The full set of entries has to be output exactly.
◇ ◇ ◇ ◇ ◇ ◇ ◇
Lemma integrable_cst_itv (a b c : R) : mu.-integrable `[a, b] (fun _ => c%:E).
Proof.
apply/integrableP; split; first exact: measurable_cst.
rewrite (eq_integral (fun _ => `|c|%:E)) // integral_cst //=.
rewrite lebesgue_measure_itv /=.
by case: ifP => _; rewrite -?EFinD -?EFinM ?mule0 ?ltry.
Qed.

Lemma integrable_sqr_itv (g : R -> R) (a b : R) :
  measurable_fun `[a, b] g ->
  (\int[mu]_(x in `[a, b]) ((g x) ^+ 2)%:E < +oo)%E ->
  mu.-integrable `[a, b] (fun x => ((g x) ^+ 2)%:E).
Proof.
move=> mg g2; apply/integrableP; split.
  by apply/measurable_EFinP; exact: measurable_funM.
by under eq_integral => x _ do rewrite gee0_abs ?lee_fin ?sqr_ge0 //.
Qed.

Lemma integrable_sqr_itvoo (g : R -> R) (a b : R) :
  measurable_fun `[a, b] g ->
  (\int[mu]_(x in `[a, b]) ((g x) ^+ 2)%:E < +oo)%E ->
  mu.-integrable `]a, b[ (fun x => ((g x) ^+ 2)%:E).
Proof.
move=> mg gsq; apply: integrableS (integrable_sqr_itv mg gsq) => //.
exact: subset_itv_oo_cc.
Qed.

(* With [c] the mean [D / (b - a)] of [g], integrate [2 c g - c^2 <= g^2]. *)
Lemma le_integral_sqr (g : R -> R) (a b D : R) : a < b ->
  measurable_fun `[a, b] g -> mu.-integrable `[a, b] (EFin \o g) ->
  (\int[mu]_(x in `[a, b]) ((g x) ^+ 2)%:E < +oo)%E ->
  (\int[mu]_(x in `[a, b]) (g x)%:E)%E = D%:E ->
  ((D ^+ 2 / (b - a))%:E <= \int[mu]_(x in `]a, b[) ((g x) ^+ 2)%:E)%E.
Proof.
move=> ab mg ig g2 gD.
have ig2 := integrable_sqr_itv mg g2.
rewrite -(integral_itv_bndoo true false); last first.
  apply: measurable_funS (measurable_int _ ig2) => //.
  exact: subset_itv_oo_cc.
set c := D / (b - a).
have igc : mu.-integrable `[a, b] (EFin \o (fun x => 2 * c * g x)).
  rewrite (_ : EFin \o _ = (fun x => (2 * c)%:E * (g x)%:E)%E).
    exact: integrableZl.
  by apply/funext => x; rewrite /= EFinM.
apply: (@le_trans _ _ (\int[mu]_(x in `[a, b])
                          ((2 * c * g x)%:E - (c ^+ 2)%:E))%E).
  rewrite integralB_EFin //; last exact: integrable_cst_itv.
  under eq_integral => x _ do rewrite EFinM.
  rewrite integralZl // gD integral_cst //= lebesgue_measure_itv /= lte_fin ab.
  rewrite -!EFinM -EFinB lee_fin le_eqVlt; apply/orP; left; apply/eqP.
  by rewrite /c; field; rewrite subr_eq0 gt_eqF.
apply: le_integral => //.
- by apply: integrableB => //; exact: integrable_cst_itv.
- move=> x _; rewrite -EFinB lee_fin.
  by have := sqr_ge0 (g x - c); rewrite !expr2; nra.
Qed.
◇ ◇ ◇ ◇ ◇ ◇ ◇
## Solved problem
Lemma integrable_cst_itv (a b c : R) : mu.-integrable `[a, b] (fun _ => c%:E).
Proof.
apply/integrableP; split; first exact: measurable_cst.
rewrite (eq_integral (fun _ => `|c|%:E)) // integral_cst //=.
rewrite lebesgue_measure_itv /=.
by case: ifP => _; rewrite -?EFinD -?EFinM ?mule0 ?ltry.
Qed.

Lemma integrable_sqr_itv (g : R -> R) (a b : R) :
  measurable_fun `[a, b] g ->
  (\int[mu]_(x in `[a, b]) ((g x) ^+ 2)%:E < +oo)%E ->
  mu.-integrable `[a, b] (fun x => ((g x) ^+ 2)%:E).
Proof.
move=> mg g2; apply/integrableP; split.
  by apply/measurable_EFinP; exact: measurable_funM.
by under eq_integral => x _ do rewrite gee0_abs ?lee_fin ?sqr_ge0 //.
Qed.

Lemma integrable_sqr_itvoo (g : R -> R) (a b : R) :
  measurable_fun `[a, b] g ->
  (\int[mu]_(x in `[a, b]) ((g x) ^+ 2)%:E < +oo)%E ->
  mu.-integrable `]a, b[ (fun x => ((g x) ^+ 2)%:E).
Proof.
move=> mg gsq; apply: integrableS (integrable_sqr_itv mg gsq) => //.
exact: subset_itv_oo_cc.
Qed.

(* With [c] the mean [D / (b - a)] of [g], integrate [2 c g - c^2 <= g^2]. *)
Lemma le_integral_sqr (g : R -> R) (a b D : R) : a < b ->
  measurable_fun `[a, b] g -> mu.-integrable `[a, b] (EFin \o g) ->
  (\int[mu]_(x in `[a, b]) ((g x) ^+ 2)%:E < +oo)%E ->
  (\int[mu]_(x in `[a, b]) (g x)%:E)%E = D%:E ->
  ((D ^+ 2 / (b - a))%:E <= \int[mu]_(x in `]a, b[) ((g x) ^+ 2)%:E)%E.
Proof.
move=> ab mg ig g2 gD.
have ig2 := integrable_sqr_itv mg g2.
rewrite -(integral_itv_bndoo true false); last first.
  apply: measurable_funS (measurable_int _ ig2) => //.
  exact: subset_itv_oo_cc.
set c := D / (b - a).
have igc : mu.-integrable `[a, b] (EFin \o (fun x => 2 * c * g x)).
  rewrite (_ : EFin \o _ = (fun x => (2 * c)%:E * (g x)%:E)%E).
    exact: integrableZl.
  by apply/funext => x; rewrite /= EFinM.
apply: (@le_trans _ _ (\int[mu]_(x in `[a, b])
                          ((2 * c * g x)%:E - (c ^+ 2)%:E))%E).
  rewrite integralB_EFin //; last exact: integrable_cst_itv.
  under eq_integral => x _ do rewrite EFinM.
  rewrite integralZl // gD integral_cst //= lebesgue_measure_itv /= lte_fin ab.
  rewrite -!EFinM -EFinB lee_fin le_eqVlt; apply/orP; left; apply/eqP.
  by rewrite /c; field; rewrite subr_eq0 gt_eqF.
apply: le_integral => //.
- by apply: integrableB => //; exact: integrable_cst_itv.
- move=> x _; rewrite -EFinB lee_fin.
  by have := sqr_ge0 (g x - c); rewrite !expr2; nra.
Qed.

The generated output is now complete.